- **PROBLEM TO WORK ON**:
Only the lines with the string "leey" are needed; return each of them from the entries below.

- **RECORDS TO USE**:
=== Begin Enclosure ===

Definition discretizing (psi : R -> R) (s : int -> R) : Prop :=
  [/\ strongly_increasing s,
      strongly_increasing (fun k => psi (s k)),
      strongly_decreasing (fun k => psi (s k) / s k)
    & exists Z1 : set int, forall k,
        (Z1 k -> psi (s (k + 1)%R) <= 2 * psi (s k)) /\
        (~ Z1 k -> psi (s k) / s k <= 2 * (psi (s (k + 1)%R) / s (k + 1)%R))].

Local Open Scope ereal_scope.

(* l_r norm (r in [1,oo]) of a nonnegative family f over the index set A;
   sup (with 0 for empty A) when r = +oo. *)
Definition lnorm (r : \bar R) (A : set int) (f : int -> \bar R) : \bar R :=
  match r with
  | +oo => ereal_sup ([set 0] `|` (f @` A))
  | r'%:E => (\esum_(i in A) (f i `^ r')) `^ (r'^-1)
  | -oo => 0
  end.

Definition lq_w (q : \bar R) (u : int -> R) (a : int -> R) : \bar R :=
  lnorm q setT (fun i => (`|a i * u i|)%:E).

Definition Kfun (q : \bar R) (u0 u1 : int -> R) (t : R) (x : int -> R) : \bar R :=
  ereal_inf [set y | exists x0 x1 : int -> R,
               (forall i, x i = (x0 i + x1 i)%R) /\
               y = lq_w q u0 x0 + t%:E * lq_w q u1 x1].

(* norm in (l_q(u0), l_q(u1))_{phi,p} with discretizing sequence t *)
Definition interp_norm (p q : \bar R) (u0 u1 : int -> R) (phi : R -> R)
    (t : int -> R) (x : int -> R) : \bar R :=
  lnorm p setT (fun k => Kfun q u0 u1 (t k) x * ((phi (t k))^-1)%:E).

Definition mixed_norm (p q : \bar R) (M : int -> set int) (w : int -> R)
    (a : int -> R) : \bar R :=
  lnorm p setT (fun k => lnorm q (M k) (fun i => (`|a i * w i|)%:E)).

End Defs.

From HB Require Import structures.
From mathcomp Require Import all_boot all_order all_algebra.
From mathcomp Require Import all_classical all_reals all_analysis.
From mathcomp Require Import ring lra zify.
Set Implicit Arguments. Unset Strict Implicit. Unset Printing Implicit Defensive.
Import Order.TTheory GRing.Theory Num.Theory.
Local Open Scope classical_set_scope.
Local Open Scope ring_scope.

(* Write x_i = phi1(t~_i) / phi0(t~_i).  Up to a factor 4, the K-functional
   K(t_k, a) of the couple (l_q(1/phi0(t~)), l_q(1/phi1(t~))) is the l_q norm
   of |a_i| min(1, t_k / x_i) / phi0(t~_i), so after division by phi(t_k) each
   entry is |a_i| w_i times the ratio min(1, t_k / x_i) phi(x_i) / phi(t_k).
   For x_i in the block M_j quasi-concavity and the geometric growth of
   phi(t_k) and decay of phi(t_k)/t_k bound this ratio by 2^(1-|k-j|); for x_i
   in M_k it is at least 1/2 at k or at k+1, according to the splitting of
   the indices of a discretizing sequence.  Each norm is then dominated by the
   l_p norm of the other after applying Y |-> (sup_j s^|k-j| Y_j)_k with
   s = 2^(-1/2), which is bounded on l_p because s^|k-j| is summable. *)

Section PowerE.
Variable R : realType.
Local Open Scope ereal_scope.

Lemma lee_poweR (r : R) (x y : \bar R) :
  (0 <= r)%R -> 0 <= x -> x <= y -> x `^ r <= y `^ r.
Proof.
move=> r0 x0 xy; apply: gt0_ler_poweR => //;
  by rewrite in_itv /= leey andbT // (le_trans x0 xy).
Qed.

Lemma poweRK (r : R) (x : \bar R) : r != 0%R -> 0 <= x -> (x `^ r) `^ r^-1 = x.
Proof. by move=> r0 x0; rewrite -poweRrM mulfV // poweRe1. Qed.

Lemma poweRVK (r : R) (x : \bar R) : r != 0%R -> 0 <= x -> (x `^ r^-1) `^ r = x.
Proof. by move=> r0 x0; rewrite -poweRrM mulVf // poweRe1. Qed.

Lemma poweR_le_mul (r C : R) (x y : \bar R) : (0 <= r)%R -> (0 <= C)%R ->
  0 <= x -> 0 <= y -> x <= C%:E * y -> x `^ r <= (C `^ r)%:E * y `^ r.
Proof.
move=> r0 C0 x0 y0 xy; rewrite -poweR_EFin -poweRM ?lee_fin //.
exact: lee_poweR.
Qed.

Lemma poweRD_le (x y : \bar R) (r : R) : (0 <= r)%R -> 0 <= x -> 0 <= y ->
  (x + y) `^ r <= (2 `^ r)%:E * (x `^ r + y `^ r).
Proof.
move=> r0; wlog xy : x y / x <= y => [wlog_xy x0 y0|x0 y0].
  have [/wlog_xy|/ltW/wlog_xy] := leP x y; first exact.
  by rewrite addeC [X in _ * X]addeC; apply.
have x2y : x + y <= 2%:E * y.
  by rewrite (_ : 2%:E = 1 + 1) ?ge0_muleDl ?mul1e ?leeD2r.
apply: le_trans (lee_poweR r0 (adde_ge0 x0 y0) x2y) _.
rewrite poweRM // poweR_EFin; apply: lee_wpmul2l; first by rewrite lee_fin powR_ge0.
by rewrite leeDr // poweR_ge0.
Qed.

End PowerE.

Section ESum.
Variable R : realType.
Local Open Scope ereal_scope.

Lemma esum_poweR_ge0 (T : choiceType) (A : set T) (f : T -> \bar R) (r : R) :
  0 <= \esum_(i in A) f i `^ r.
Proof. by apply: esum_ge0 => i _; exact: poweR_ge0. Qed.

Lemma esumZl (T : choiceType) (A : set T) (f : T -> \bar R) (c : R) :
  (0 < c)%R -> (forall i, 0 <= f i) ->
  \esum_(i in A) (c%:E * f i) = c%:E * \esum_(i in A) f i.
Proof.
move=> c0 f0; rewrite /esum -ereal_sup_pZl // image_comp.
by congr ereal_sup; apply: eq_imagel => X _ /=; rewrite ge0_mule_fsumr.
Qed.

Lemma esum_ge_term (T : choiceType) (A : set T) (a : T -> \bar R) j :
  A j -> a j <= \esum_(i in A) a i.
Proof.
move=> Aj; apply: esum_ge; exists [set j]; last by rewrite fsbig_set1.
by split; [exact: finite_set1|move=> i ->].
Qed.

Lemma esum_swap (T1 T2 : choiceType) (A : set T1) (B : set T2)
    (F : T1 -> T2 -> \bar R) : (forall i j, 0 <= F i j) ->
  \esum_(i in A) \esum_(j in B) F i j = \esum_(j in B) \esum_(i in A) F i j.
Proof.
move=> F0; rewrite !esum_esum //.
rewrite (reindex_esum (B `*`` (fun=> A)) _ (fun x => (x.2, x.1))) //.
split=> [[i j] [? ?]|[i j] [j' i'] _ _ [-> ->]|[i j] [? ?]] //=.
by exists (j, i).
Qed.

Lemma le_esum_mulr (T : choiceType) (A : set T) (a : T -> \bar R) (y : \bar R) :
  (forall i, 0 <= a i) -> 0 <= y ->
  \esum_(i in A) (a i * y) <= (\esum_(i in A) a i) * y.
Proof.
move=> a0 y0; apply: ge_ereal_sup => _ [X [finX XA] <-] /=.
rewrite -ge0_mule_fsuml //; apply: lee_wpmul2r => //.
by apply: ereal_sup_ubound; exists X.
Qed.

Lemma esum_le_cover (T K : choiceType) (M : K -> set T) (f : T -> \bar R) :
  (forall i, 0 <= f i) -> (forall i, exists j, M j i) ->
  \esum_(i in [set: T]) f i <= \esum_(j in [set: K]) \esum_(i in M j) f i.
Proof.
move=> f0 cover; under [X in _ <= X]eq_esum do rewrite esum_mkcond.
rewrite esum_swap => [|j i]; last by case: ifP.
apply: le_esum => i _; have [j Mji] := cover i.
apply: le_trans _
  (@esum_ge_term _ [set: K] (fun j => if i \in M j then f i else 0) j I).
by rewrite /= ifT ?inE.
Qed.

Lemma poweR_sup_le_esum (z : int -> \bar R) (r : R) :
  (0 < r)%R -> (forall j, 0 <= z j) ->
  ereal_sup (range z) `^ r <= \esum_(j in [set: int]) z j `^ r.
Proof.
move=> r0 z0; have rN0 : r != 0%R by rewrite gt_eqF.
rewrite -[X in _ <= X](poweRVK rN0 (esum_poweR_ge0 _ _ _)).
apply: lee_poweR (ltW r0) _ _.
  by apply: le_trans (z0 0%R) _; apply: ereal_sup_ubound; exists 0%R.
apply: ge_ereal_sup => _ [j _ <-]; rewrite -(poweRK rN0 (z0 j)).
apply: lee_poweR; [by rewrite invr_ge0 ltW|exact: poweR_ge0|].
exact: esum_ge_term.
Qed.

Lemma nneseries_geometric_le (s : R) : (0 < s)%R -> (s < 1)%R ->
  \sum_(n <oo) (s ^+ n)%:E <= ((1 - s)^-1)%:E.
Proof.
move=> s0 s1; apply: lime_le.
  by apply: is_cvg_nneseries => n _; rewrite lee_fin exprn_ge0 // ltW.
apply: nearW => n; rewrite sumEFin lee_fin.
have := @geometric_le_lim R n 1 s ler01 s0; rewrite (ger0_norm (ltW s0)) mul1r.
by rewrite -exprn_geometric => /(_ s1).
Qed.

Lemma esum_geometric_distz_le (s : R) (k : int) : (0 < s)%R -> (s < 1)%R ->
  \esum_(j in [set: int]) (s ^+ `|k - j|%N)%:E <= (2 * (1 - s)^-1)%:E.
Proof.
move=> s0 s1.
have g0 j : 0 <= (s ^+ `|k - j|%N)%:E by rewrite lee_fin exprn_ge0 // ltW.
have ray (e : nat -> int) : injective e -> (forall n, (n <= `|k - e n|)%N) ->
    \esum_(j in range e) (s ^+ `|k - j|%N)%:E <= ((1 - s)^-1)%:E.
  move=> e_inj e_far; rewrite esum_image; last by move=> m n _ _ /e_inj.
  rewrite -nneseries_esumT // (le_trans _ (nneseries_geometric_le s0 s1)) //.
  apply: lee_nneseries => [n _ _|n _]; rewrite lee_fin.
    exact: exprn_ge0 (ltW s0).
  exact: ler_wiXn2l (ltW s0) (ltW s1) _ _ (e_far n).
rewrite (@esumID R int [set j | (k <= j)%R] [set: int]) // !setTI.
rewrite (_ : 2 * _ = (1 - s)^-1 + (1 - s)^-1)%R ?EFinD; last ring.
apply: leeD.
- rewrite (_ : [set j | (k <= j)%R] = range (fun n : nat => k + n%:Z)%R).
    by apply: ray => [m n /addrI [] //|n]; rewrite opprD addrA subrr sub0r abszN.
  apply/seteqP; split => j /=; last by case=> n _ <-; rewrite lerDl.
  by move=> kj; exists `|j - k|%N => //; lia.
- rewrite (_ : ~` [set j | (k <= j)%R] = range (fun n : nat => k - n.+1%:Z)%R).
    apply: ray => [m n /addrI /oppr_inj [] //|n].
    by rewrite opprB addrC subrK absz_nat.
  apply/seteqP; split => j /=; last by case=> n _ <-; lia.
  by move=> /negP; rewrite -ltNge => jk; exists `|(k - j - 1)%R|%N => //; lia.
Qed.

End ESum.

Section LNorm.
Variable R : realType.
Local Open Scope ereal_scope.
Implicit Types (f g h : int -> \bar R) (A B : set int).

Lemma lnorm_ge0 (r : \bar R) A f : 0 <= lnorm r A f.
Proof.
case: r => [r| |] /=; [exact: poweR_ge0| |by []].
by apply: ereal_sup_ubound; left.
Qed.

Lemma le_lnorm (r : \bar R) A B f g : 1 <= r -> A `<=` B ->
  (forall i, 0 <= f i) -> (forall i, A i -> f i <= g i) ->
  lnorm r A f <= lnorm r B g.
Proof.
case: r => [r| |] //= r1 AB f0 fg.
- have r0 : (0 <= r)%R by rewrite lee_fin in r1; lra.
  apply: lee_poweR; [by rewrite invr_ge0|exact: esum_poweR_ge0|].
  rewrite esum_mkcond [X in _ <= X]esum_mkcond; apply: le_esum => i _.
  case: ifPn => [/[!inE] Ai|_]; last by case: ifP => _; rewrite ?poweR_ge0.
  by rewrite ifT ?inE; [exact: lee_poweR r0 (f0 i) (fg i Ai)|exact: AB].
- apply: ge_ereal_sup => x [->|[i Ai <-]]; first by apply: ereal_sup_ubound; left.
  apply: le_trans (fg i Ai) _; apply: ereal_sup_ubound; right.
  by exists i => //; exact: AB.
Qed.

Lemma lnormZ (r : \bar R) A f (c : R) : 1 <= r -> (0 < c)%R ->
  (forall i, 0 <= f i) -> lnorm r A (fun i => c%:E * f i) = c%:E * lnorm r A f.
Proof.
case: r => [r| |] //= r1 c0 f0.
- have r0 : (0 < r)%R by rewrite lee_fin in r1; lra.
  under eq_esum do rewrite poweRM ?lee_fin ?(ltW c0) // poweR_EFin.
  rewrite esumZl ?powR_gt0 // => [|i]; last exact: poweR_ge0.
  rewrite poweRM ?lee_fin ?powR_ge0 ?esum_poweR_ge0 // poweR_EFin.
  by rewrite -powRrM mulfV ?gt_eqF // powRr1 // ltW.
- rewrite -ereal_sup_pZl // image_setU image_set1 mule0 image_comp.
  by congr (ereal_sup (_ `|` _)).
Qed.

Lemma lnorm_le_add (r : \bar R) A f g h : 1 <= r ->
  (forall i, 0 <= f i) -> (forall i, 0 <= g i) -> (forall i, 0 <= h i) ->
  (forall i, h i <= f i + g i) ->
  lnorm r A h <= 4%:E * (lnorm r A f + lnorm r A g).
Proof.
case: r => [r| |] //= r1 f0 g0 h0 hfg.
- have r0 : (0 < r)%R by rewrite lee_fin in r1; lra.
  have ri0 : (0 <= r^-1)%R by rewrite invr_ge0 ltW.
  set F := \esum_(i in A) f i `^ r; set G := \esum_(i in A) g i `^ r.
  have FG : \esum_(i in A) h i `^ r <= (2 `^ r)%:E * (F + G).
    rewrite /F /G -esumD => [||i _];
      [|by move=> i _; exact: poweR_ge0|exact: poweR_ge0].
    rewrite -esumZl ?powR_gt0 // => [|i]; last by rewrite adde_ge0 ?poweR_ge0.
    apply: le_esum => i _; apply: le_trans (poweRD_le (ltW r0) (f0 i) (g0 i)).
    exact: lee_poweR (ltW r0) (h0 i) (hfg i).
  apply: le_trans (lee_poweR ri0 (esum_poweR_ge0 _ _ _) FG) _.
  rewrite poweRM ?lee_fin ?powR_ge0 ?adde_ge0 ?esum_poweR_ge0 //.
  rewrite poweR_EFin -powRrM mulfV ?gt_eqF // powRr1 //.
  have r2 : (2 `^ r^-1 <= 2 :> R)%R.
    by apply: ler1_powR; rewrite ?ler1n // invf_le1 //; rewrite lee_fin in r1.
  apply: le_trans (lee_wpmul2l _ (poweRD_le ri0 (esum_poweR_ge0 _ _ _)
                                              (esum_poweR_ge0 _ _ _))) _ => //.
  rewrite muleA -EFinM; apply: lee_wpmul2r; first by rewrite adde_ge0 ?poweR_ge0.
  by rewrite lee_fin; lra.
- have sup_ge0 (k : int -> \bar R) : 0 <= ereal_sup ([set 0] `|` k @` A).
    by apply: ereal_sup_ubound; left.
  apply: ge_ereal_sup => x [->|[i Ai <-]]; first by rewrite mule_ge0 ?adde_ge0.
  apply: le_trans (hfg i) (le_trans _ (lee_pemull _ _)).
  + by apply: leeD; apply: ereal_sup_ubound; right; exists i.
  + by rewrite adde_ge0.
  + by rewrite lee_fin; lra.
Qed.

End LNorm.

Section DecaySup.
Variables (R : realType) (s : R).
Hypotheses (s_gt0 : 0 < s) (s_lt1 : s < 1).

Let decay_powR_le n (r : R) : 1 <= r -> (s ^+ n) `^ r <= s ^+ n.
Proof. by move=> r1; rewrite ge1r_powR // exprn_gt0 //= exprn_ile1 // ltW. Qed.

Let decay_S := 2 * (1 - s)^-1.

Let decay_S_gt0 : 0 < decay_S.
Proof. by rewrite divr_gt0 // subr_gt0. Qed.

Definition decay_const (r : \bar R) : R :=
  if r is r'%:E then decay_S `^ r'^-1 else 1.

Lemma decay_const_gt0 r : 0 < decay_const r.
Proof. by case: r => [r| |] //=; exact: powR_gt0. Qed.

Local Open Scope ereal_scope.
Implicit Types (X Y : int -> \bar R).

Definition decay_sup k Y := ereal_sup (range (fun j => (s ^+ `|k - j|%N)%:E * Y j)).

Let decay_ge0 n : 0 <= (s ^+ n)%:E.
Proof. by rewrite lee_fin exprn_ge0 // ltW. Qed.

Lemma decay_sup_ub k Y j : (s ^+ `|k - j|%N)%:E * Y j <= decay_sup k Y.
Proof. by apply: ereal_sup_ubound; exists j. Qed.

=== End Enclosure ===
=== Begin Enclosure ===

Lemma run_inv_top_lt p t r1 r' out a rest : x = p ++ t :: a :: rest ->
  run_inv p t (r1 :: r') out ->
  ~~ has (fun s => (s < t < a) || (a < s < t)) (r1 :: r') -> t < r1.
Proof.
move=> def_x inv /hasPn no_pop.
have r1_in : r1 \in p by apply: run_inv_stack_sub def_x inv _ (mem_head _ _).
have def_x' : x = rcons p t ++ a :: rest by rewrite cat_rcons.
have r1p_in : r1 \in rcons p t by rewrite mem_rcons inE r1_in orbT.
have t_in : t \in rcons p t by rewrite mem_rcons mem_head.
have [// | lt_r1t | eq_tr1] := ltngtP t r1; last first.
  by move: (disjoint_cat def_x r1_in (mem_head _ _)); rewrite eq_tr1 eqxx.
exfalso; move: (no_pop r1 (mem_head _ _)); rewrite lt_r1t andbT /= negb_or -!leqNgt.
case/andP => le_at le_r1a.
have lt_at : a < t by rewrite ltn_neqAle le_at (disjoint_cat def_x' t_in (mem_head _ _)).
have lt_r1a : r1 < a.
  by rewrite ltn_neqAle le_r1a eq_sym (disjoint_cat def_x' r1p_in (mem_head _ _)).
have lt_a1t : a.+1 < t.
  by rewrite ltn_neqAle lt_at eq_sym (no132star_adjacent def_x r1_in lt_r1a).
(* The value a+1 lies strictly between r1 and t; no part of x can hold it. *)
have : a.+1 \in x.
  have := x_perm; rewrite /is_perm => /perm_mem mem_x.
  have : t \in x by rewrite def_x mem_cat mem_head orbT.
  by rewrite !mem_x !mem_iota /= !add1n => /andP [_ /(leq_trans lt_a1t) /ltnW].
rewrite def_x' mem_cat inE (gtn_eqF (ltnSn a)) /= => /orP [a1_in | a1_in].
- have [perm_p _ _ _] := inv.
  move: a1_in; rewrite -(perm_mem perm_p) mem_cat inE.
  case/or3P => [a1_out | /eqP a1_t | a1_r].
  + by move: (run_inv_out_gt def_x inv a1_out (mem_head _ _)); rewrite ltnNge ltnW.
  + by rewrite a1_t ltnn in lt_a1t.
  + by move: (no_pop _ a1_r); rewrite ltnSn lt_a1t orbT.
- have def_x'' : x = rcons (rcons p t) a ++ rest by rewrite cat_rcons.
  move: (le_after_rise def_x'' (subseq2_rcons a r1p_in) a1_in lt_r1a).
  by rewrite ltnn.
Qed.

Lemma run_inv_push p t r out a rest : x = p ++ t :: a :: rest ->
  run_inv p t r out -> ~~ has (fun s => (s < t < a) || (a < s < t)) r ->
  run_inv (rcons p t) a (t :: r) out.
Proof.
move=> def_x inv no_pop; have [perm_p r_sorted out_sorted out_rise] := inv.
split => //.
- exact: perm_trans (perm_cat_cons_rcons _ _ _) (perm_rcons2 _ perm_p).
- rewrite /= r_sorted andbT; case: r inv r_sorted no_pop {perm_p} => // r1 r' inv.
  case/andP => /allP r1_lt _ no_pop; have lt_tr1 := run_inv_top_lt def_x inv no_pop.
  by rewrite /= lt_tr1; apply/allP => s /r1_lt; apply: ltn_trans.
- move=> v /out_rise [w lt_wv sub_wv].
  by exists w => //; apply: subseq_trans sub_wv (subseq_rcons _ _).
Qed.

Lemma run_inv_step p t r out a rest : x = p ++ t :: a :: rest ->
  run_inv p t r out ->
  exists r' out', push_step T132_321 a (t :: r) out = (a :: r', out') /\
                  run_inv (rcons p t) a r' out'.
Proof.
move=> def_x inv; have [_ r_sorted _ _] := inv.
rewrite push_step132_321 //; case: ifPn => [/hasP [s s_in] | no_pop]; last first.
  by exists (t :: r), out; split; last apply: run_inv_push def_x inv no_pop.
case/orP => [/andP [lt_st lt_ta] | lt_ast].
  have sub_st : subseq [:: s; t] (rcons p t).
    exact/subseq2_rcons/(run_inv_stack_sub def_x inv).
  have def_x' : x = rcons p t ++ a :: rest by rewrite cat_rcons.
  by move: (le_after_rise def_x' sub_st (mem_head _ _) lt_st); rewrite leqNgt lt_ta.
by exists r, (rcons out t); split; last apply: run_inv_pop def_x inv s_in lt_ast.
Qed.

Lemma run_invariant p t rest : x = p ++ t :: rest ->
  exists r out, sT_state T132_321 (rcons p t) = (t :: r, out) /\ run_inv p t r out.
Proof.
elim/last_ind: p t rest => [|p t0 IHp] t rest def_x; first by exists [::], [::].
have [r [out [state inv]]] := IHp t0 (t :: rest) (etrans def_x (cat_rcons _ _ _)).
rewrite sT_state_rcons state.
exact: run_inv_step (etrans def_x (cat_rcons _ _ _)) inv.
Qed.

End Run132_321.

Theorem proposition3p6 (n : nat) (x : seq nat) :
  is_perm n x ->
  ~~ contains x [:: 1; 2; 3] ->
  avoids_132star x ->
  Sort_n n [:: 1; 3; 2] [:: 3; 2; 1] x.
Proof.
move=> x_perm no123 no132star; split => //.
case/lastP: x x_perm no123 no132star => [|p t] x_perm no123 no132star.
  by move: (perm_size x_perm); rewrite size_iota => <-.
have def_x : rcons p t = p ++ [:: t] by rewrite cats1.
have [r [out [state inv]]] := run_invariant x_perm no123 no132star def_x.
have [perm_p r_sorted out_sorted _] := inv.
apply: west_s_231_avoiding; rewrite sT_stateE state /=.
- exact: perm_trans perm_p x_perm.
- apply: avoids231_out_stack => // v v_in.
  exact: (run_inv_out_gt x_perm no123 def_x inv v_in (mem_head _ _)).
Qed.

=== End Enclosure ===
=== Begin Enclosure ===

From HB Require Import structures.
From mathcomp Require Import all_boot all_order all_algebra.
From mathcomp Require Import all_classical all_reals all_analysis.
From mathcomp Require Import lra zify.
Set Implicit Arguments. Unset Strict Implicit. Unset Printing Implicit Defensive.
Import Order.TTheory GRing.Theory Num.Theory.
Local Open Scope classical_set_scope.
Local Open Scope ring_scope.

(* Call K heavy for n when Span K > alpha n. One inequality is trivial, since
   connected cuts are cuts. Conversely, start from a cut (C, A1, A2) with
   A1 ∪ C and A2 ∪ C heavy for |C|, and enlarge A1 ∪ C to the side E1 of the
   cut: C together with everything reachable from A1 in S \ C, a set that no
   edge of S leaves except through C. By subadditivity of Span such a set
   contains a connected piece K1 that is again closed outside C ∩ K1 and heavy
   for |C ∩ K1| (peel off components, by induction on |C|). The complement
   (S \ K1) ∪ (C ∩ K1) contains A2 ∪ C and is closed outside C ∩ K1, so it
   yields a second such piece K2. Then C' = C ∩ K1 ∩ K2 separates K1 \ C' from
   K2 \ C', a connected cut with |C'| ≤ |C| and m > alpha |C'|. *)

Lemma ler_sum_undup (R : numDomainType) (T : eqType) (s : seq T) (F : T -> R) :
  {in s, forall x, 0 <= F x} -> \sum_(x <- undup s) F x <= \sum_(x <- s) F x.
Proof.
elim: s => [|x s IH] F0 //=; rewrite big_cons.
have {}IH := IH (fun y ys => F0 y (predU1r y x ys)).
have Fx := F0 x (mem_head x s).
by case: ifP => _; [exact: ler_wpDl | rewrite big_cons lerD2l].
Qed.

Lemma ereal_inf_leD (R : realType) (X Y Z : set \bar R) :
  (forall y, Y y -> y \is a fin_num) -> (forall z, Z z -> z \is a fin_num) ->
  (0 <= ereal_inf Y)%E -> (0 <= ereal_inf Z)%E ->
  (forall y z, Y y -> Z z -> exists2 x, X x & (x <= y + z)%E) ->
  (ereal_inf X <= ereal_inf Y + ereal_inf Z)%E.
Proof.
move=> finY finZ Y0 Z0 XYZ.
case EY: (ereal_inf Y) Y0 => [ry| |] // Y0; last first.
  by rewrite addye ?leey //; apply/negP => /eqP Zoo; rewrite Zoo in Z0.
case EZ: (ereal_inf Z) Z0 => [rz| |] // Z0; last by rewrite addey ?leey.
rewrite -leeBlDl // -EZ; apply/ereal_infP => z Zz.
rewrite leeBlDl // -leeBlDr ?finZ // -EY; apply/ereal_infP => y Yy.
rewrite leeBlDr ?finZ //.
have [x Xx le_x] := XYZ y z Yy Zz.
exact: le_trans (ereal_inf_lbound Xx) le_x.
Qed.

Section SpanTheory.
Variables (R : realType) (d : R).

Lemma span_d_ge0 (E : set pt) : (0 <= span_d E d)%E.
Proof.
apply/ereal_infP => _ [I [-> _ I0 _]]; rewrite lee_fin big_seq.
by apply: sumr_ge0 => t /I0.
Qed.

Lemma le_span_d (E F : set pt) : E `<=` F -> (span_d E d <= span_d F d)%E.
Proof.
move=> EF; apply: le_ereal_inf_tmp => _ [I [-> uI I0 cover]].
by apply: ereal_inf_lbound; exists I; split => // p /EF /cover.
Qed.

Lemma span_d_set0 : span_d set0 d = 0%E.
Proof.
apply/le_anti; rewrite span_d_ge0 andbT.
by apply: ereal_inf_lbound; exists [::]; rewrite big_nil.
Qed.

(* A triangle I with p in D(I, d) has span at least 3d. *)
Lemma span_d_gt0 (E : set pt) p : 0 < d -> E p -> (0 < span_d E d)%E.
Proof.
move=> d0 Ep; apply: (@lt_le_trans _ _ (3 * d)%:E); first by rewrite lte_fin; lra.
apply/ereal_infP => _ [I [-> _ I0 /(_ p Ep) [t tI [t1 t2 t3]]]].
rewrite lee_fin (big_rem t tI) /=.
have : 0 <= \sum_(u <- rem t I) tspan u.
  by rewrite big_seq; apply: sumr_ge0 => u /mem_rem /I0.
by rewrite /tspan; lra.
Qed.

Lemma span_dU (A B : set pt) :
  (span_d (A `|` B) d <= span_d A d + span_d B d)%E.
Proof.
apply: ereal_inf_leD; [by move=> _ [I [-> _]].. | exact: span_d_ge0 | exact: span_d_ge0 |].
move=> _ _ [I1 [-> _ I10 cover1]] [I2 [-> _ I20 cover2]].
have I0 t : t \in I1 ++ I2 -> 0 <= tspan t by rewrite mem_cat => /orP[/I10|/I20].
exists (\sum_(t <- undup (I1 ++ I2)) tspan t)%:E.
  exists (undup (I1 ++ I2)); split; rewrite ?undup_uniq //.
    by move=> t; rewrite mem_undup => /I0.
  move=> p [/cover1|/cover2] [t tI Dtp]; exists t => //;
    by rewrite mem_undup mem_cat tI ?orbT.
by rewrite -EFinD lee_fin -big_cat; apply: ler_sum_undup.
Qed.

=== End Enclosure ===

- **PROBLEM SOLUTION**:
  by rewrite in_itv /= leey andbT // (le_trans x0 xy).
  by rewrite addye ?leey //; apply/negP => /eqP Zoo; rewrite Zoo in Z0.
case EZ: (ereal_inf Z) Z0 => [rz| |] // Z0; last by rewrite addey ?leey.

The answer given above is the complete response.